The Internet Couldn’t Handle All the Data From the First Black Hole Photo
On Wednesday, astronomers announced that they’d captured the world’s first image of a black hole — and the internet couldn’t handle it. No, we’re not talking about black hole Shrek memes or snarky opinion pieces about how this image of an object 55 million light-years away was “so blurry.” We’re talking about how the internet literally couldn’t handle the quantity of data collected by the eight telescopes across five continents that make up the Event Horizon Telescope experiment that captured this image of the black hole at the center of the galaxy Messier 87.
Instead, the massive quantity of data collected by the radio antennae had to be flown on airplanes to central data centers where it could be cleaned and analyzed. So in addition to being a massive achievement of human ingenuity and understanding, one that confirmed several theories about black holes, the M87 black hole image was also a Herculean feat of data storage and management.
Over seven days in April 2017, the EHT experiment turned all eight telescopes toward M87. Synchronized by custom-made atomic clocks, they all started collecting the incoming radio signals from the distant black hole and logging the data on super-fast data recorders that had been built for this very task.
"There’s no internet that can compete with 5 petabytes of data on a plane."
“We had 5 petabytes of data recorded,” Dan Marrone, Ph.D., an associate professor of astronomy at the University of Arizona who specialized in data storage for the EHT experiment, told reporters on Wednesday.
“It amounts to more than half a ton of hard drives. Five petabytes is a lot of data: It’s equivalent to 5,000 years of MP3 files.”
Here’s why and how this one picture required the data equivalent of 1.39 billion copies of “Old Town Road” by Lil Nas X.
Eight Synchronized Telescopes
The EHT experiment employed a technique called very long baseline interferometry, which used the eight simultaneously recording telescopes to essentially turn the Earth into a single, rotating telescope dish. Each of these telescopes recorded raw incoming radio signals as tons of data.
In other words, it’s like if eight people took videos of the same far-away phenomenon from different angles, then put all of their videos together to make one really clear video. In this scenario, though, the object was really far away, and the telescopes were really far apart.
The advantage of this long baseline between telescopes is that the rotation of the Earth gave scientists shots of the black hole from eight simultaneous angles.
Cleaning the Data
Once all 1,000 pounds of hard drives were filled with these 5 petabytes of raw data, they were loaded onto airplanes and flown to two centralized “correlators,” located in Massachusetts and Germany.
“The fastest way to do that is not over the internet, it’s actually to put them on planes,” said Marrone. “There’s no internet that can compete with 5 petabytes of data on a plane.”
Adding to this challenge, the scientists had to wait until summer to send the hard drives from the South Pole Telescope, as the images were captured during Antarctica’s winter.
The correlators then began the job of syncing up all the data from the telescopes with each other. This means that supercomputers took all the raw observational data collected by the telescopes and used the atomic clock information to line them all up with one another, creating a seamless record of the wavefront of light from the black hole as it reached Earth.
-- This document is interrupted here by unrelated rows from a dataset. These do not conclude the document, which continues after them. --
Lemma step_pref_one_inv (a b : A) (p : proc A) pi :
  step (Pref a wf_weights_one (fun _ => p)) b pi -> b = a /\ pi = dirac p.
Proof.
  intros H; inversion H; subst.
  apply inj_pair2_eq_dec in H3; [|apply Nat.eq_dec]. subst.
  apply inj_pair2_eq_dec in H4; [|apply Nat.eq_dec]. subst.
  split; auto; apply pref_dist_one.
Qed.

Lemma step_pref_one (a : A) (p : proc A) : step (Pref a wf_weights_one (fun _ => p)) a (dirac p).
Proof. rewrite <- pref_dist_one; constructor. Qed.

Lemma step_par_all_inv (a : A) x1 x2 pi : step (Par sync_all x1 x2) a pi ->
  exists mu1 mu2, pi = par_dist sync_all mu1 mu2 /\ step x1 a mu1 /\ step x2 a mu2.
Proof.
  intros H; inversion H; subst; eauto;
    match goal with Hn : ~ sync_all a |- _ => exfalso; apply Hn; exact I end.
Qed.

End Transitions.

Section BisimilarityMetric.
Context {A : Type}.
Variable d : proc A -> proc A -> R.
Hypothesis Hd : is_bisim_metric d.

Lemma d_bounded : bounded01 d. Proof. apply Hd. Qed.

Lemma d_fixpoint t t' : Bfun d t t' (d t t'). Proof. apply Hd. Qed.

Lemma d_Nil : d Nil Nil = 0.
Proof.
  apply Rle_antisym; [|apply d_bounded].
  apply (Bfun_le d _ _ _ _ (d_fixpoint Nil Nil)); [lra| |];
    intros a c [pi [Hs _]]; exfalso; eapply step_Nil; eauto.
Qed.

Lemma Kant_dirac_le h (x y : proc A) k : Kant h (dirac x) (dirac y) k -> k <= h x y.
Proof.
  intros [_ Hmin].
  eapply Rle_trans; [apply Hmin, coupling_prod; apply distr_on_dirac|].
  unfold coupling_cost. rewrite !lsum_cons, !lsum_nil, !dirac_eq1. right; ring.
Qed.

Lemma haus_values_pref_one (a b : A) x y c :
  haus_values d (der (Pref a wf_weights_one (fun _ => x)) b)
               (der (Pref a wf_weights_one (fun _ => y)) b) c -> c <= d x y.
Proof.
  intros [pi1 [Hs Hinf]]. apply step_pref_one_inv in Hs. destruct Hs as [-> ->].
  destruct (Kant_exists d (dirac x) (dirac y) [x] [y]) as [k Hk]; try apply distr_on_dirac.
  apply Rle_trans with k; [|apply Kant_dirac_le; auto].
  apply (inf_lb _ _ k Hinf). exists (dirac y); split; auto. apply step_pref_one.
Qed.

Lemma d_Pref_one (a : A) p q :
  d (Pref a wf_weights_one (fun _ => p)) (Pref a wf_weights_one (fun _ => q)) <= d p q.
Proof.
  apply (Bfun_le d _ _ _ _ (d_fixpoint _ _)); [apply d_bounded| |];
    intros b c Hc; [|rewrite (bisim_metric_sym d _ _ Hd)]; eapply haus_values_pref_one; eauto.
Qed.

(* The transfer property of the metric, up to an arbitrary slack [eps]: the infimum defining
   [d x y] need not be attained. *)
Lemma d_transfer x y (a : A) mu eps : d x y < 1 -> step x a mu -> 0 < eps ->
  exists mu' k, step y a mu' /\ Kant d mu mu' k /\ k < d x y + eps.
Proof.
  intros Hxy Hs He.
  destruct (Haus_exists d (der x a) (der y a)) as [c Hc];
    auto using d_bounded, der_finitely_supported.
  pose proof (sup_ub _ _ c (d_fixpoint x y) (ex_intro _ a Hc)) as Hcd.
  apply Haus_iff in Hc. destruct Hc as [v1 [v2 [Hv1 [Hv2 ->]]]].
  destruct (step_distr_on _ _ _ Hs) as [s Hfs].
  destruct (inf_exists (kant_values d mu (der y a))) as [i Hi].
  { intros k Hk. apply (kant_values_bounded d mu (der y a)); eauto using d_bounded, der_finitely_supported. }
  assert (Hiv : i <= v1) by (apply (sup_ub _ _ _ Hv1); exists mu; auto).
  pose proof (Rmax_l v1 v2).
  destruct (inf_approx _ _ eps Hi) as [k [[mu' [Hmu' Hk]] Hlt]]; [lra|auto|].
  exists mu', k; split; [exact Hmu'| split; [exact Hk| lra]].
Qed.

End BisimilarityMetric.

Section FourfoldSums.
Context {X : Type}.
Variables (S1 S2 S1' S2' : list X).

Definition lsum4 (f : X -> X -> X -> X -> R) : R :=
  lsum S1 (fun a1 => lsum S2 (fun a2 => lsum S1' (fun b1 => lsum S2' (fun b2 => f a1 a2 b1 b2)))).

Lemma lsum4_minus f g :
  lsum4 (fun a1 a2 b1 b2 => f a1 a2 b1 b2 - g a1 a2 b1 b2) = lsum4 f - lsum4 g.
Proof.
  unfold lsum4. do 4 (rewrite <- lsum_minus; apply lsum_ext; intros). reflexivity.
Qed.

Lemma lsum4_le f g : (forall a1 a2 b1 b2, f a1 a2 b1 b2 <= g a1 a2 b1 b2) -> lsum4 f <= lsum4 g.
Proof. intros H. unfold lsum4. repeat (apply lsum_le; intros). auto. Qed.
Lemma in_Wpairs p q : Wpairs (p, q) <-> Wp p /\ Wp (- q).
Proof.
split=> [[/= Wpp [z Wz <-]]|[Wpp Wq]]; first by rewrite opprK.
by split=> //; exists (- q); rewrite ?opprK.
Qed.

Lemma beta_le_plane x : b x x <= x ord0 0 ^+ 2 - x i1 0 ^+ 2.
Proof.
rewrite beta_recl (bigD1 ord0) //= !expr2.
rewrite (_ : lift ord0 ord0 = i1); last by apply: val_inj; rewrite /= inordK.
suff : 0 <= \sum_(i < n.+1 | i != ord0) x (lift ord0 i) 0 * x (lift ord0 i) 0 by lra.
by apply: sumr_ge0 => i _; rewrite -expr2 sqr_ge0.
Qed.

Lemma Wplus_add_spacelike p q : Wp p -> Wp q -> b (p + q) (p + q) < 0.
Proof.
move=> [_ Wpp] [_ Wqq]; apply: le_lt_trans (beta_le_plane _) _.
rewrite !mxE subr_lt0.
have : `|p ord0 0 + q ord0 0| < p i1 0 + q i1 0.
  exact: le_lt_trans (ler_normD _ _) (ltrD Wpp Wqq).
rewrite ltr_norml => /andP[? ?]; nra.
Qed.

Lemma pair_orbit_sub_spacelike (G : set 'M[R]_n.+2) :
  G `<=` SO -> pair_orbit G Wpairs `<=` spacelike_pairs R n.+1.
Proof.
move=> GSO [x y] [g [/GSO[_ bg] [[p q] /in_Wpairs[Wpp Wq] [-> ->]]]].
split; [|split] => /=.
- by rewrite /dS /= bg; case: Wpp.
- by rewrite /dS /= bg -[q]opprK betaNl betaNr opprK; case: Wq.
- by rewrite -mulmxBr bg -[q]opprK opprK; exact: Wplus_add_spacelike.
Qed.

Lemma pair_orbit_wedges :
  pair_orbit SO Wpairs = \bigcup_(W in wedges R n.+1) (W `*` negset W).
Proof.
apply/seteqP; split=> [[x y] [g [SOg [[p q] [/= Wpp [z Wz <-]] [-> ->]]]]|].
  exists (actset g Wp); first by exists g.
  by split=> /=; [exists p|exists (g *m z); [exists z|rewrite mulmxN]].
move=> [x y] [W [g SOg ->]] [/= [p Wpp <-] [_ [q Wq <-] <-]].
exists g; split=> //; exists (p, - q); first by split=> //; exists q.
by rewrite /= mulmxN.
Qed.

Lemma pair_orbit_intro (G : set 'M[R]_n.+2) g h x y :
  G g -> g *m h = 1%:M -> Wpairs (h *m x, h *m y) -> pair_orbit G Wpairs (x, y).
Proof.
move=> Gg gh Wh; exists g; split=> //; exists (h *m x, h *m y) => //.
by rewrite /= !mulmxA gh !mul1mx.
Qed.

Lemma Wpairs_axis p q t : dS R n.+1 p -> dS R n.+1 q ->
  p - q = t *: e1 -> (p + q) i1 0 = 0 ->
  `|(p + q) ord0 0| < `|t| -> Wpairs (p, q) \/ Wpairs (- p, - q).
Proof.
move=> dp dq pq; rewrite !mxE => s1 s0.
have := congr1 (fun z => z ord0 0) pq; have := congr1 (fun z => z i1 0) pq.
rewrite !mxE eqxx eq_sym (negbTE i1_neq0) mulr1 mulr0 => d1 d0.
have dN z : dS R n.+1 (- z) = dS R n.+1 z by rewrite /dS /= betaNl betaNr opprK.
rewrite !in_Wpairs opprK; have [t0|t0] := ltP 0 t; [left|right].
- move: s0; rewrite (gtr0_norm t0) ltr_norml => /andP[? ?].
  by do !split; rewrite ?dN ?mxE ?normrN // ltr_norml; apply/andP; split; lra.
- move: s0; rewrite (ler0_norm t0) ltr_norml => /andP[? ?].
  by do !split; rewrite ?dN ?mxE ?normrN // ltr_norml; apply/andP; split; lra.
Qed.

Lemma Wplus_flip j z : j != i1 -> Wp (- z) ->
  Wp (refl_mx e1 *m (refl_mx (delta_mx j 0) *m z)).
Proof.
move=> j1 [dz Wz]; split.
  move: dz; rewrite /dS /= !refl_mx_beta ?beta_delta ?msign_neq0 //.
  by rewrite betaNl betaNr opprK.
rewrite !refl_mx_deltaE eqxx eq_sym (negbTE i1_neq0) [inord 1 == j]eq_sym (negbTE j1).
rewrite !mxE in Wz *.
by rewrite normrN in Wz; case: (ord0 == j); rewrite ?normrN.
Qed.

Lemma spacelike_pair_normal_form x y : dS R n.+1 x -> dS R n.+1 y ->
  b (x - y) (x - y) < 0 ->
  exists a c h, [/\ b a a < 0, b c c < 0, h = refl_mx c *m refl_mx a &
    Wpairs (h *m x, h *m y) \/ Wpairs (- (h *m x), - (h *m y))].
Proof.
move=> dx dy uu; set u := x - y in uu; set v := x + y.
have [a aa [t au]] := refl_mx_onto_axis i1_neq0 uu.
have aa0 : b a a != 0 by rewrite lt_eqF.
have tt : b u u = - t ^+ 2.
  by rewrite -(refl_mx_beta _ _ aa0) au betaZl betaZr beta_delta msign_spatial ?i1_neq0 //; ring.
have t0 : 0 < `|t|.
  by rewrite normr_gt0; apply: contraTneq uu => t0; rewrite tt t0 expr0n oppr0 ltxx.
have buv : b u v = 0.
  by rewrite betaBl !betaDr dx dy (betaC y x); ring.
pose v1 := refl_mx a *m v.
have v1_1 : v1 i1 0 = 0.
  move: buv; rewrite -(refl_mx_beta _ _ aa0) au betaZl beta_delta_l msign_spatial ?i1_neq0 //.
  by move/eqP; rewrite mulN1r mulrN oppr_eq0 mulf_eq0 -normr_eq0 (gt_eqF t0) => /eqP.
have v1v1 : b v1 v1 < `|t| ^+ 2.
  rewrite refl_mx_beta // real_normK ?num_real //.
  suff -> : b v v = - 4 - b u u by rewrite tt; lra.
  by rewrite /u /v betaBB !betaDl !betaDr dx dy (betaC y x); ring.
have [c cc [t' [tt' ct v1c1 v1c0]]] : exists2 c : vec, b c c < 0 & exists t',
    [/\ `|t'| = `|t|, refl_mx c *m (t *: e1) = t' *: e1,
        (refl_mx c *m v1) i1 0 = 0 & `|(refl_mx c *m v1) ord0 0| < `|t|].
  have [w [w1 ww w0 [wv|v1w]]] := lower_time_coord i1_neq0 t0 v1_1 v1v1.
    have e1v1 : b e1 v1 = 0 by rewrite beta_delta_l v1_1 mulr0.
    exists e1; first exact: beta_delta_lt0 i1_neq0.
    exists (- t); rewrite (refl_mx_fix e1v1) -wv; split => //; first by rewrite normrN.
    by rewrite -scalemxAr refl_mx_self ?beta_delta ?msign_neq0 // scalerN scaleNr.
  exists (v1 - w) => //; exists t; split => //; last by rewrite refl_mx_swap ?lt_eqF.
    apply: refl_mx_fix; rewrite betaZr betaBl !beta_delta_r v1_1 w1; ring.
  by rewrite refl_mx_swap ?lt_eqF.
exists a, c, (refl_mx c *m refl_mx a); split=> //.
have dh z : dS R n.+1 z -> dS R n.+1 (refl_mx c *m refl_mx a *m z).
  by rewrite /dS /= -!mulmxA !refl_mx_beta ?lt_eqF.
apply: (Wpairs_axis (t := t')) (dh _ dx) (dh _ dy) _ _ _.
- by rewrite -mulmxBr -mulmxA -/u au.
- by rewrite -mulmxDr -mulmxA; exact: v1c1.
- by rewrite -mulmxDr -mulmxA tt'; exact: v1c0.
Qed.

Lemma spacelike_pairs_sub_orbit (G : set 'M[R]_n.+2) j : j != i1 ->
  (forall g h, G g -> G h -> G (g *m h)) ->
  (forall a c, b a a < 0 -> b c c < 0 -> G (refl_mx a *m refl_mx c)) ->
  G (refl_mx (delta_mx j 0) *m refl_mx e1) ->
  spacelike_pairs R n.+1 `<=` pair_orbit G Wpairs.
Proof.
move=> j1 GM G2 Gj [x y] [/= dx [dy xy]].
have [a [c [_ [aa cc -> [Wh|Wh]]]]] := spacelike_pair_normal_form dx dy xy.
  apply: (pair_orbit_intro (G2 _ _ aa cc) _ Wh).
  by rewrite -!mulmxA refl_mxKl ?refl_mxK ?lt_eqF.
pose flip := refl_mx e1 *m refl_mx (delta_mx j 0).
apply: (pair_orbit_intro (h := flip *m (refl_mx c *m refl_mx a)) (GM _ _ (G2 _ _ aa cc) Gj)).
  by rewrite -!mulmxA !refl_mxKl ?refl_mxK ?beta_delta ?msign_neq0 ?lt_eqF.
move/in_Wpairs: Wh => [Wx Wy]; apply/in_Wpairs; rewrite -!mulmxA in Wx Wy *.
split; first exact: Wplus_flip.
by have := Wplus_flip j1 Wy; rewrite !mulmxN.
Qed.

End Wedges.

Theorem mainTheorem11 (R : realType) (d : nat) (hd : (1 <= d)%N) :
  spacelike_pairs R d = pair_orbit (SO1d R d) (Wplus R d `*` negset (Wplus R d))
  /\ pair_orbit (SO1d R d) (Wplus R d `*` negset (Wplus R d))
     = \bigcup_(W in wedges R d) (W `*` negset W)
  /\ ((1 < d)%N ->
      spacelike_pairs R d = pair_orbit (SO1d_e R d) (Wplus R d `*` negset (Wplus R d))).
Proof.
case: d hd => [//|n] _; split; [|split; first exact: pair_orbit_wedges].
  apply/seteqP; split; last exact: pair_orbit_sub_spacelike.
  apply: (@spacelike_pairs_sub_orbit _ _ _ ord0); first by rewrite eq_sym i1_neq0.
  - exact: SO1d_mul.
  - by move=> a c aa cc; apply: refl_mx2_SO; rewrite lt_eqF.
  - by apply: refl_mx2_SO; rewrite beta_delta msign_neq0.
move=> n0; apply/seteqP; split; last first.
  by apply: pair_orbit_sub_spacelike; exact: connected_component_sub.
have j0 : (inord 2 : 'I_n.+2) != ord0 by rewrite -val_eqE /= inordK.
apply: (@spacelike_pairs_sub_orbit _ _ _ (inord 2)).
- by rewrite -val_eqE /= !inordK.
- by move=> g h; apply: connected_component_mulmx; [exact: SO1d1|exact: SO1d_mul].
- exact: refl_mx2_SOe.
- by apply: refl_mx2_SOe; apply: beta_delta_lt0; [exact: j0|exact: i1_neq0].
Qed.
Exchanging Tools With Silicon Valley
Chi-Kwan Chan, Ph.D., a computational astrophysicist at the University of Arizona who dealt with computation for the M87 imaging project, tells Inverse that once the correlators had cleaned the data, the task then got a lot more granular.
“After that step, people usually just use a work station and do the computations on them,” he says. “But the contribution I made was I brought cloud computing technology into the collaboration so we could launch many powerful virtual machines in the cloud to do data analysis and accelerate it.”
Chan and his team developed this software, which helped the EHT team clean the data even further to create the final, composite image, which is just a few hundred kilobytes. He’s hopeful that the tech industry will be able to use this software for network architecture in the future.
“In that sense we’re also giving back to society,” he says.
Notably, the University of Arizona’s computers that Chan and his team have used to run black hole simulations are based on graphics processing units, which are computationally very powerful. These are the same graphics cards that have come under extremely high demand as they’ve become popular among cryptocurrency miners. So just as the black hole project created software that will persist for others to use, it also took cues from a vastly different field of computer science, all in the name of discovery.
Ironically, Chan’s team used these powerful GPUs to simulate so many black holes in advance of the M87 observation, they already knew what to expect from the real black hole.
“We created a huge library of black hole images,” he says. “Because we saw so many of them and saw so many possibilities, we were not surprised when we saw the real one.”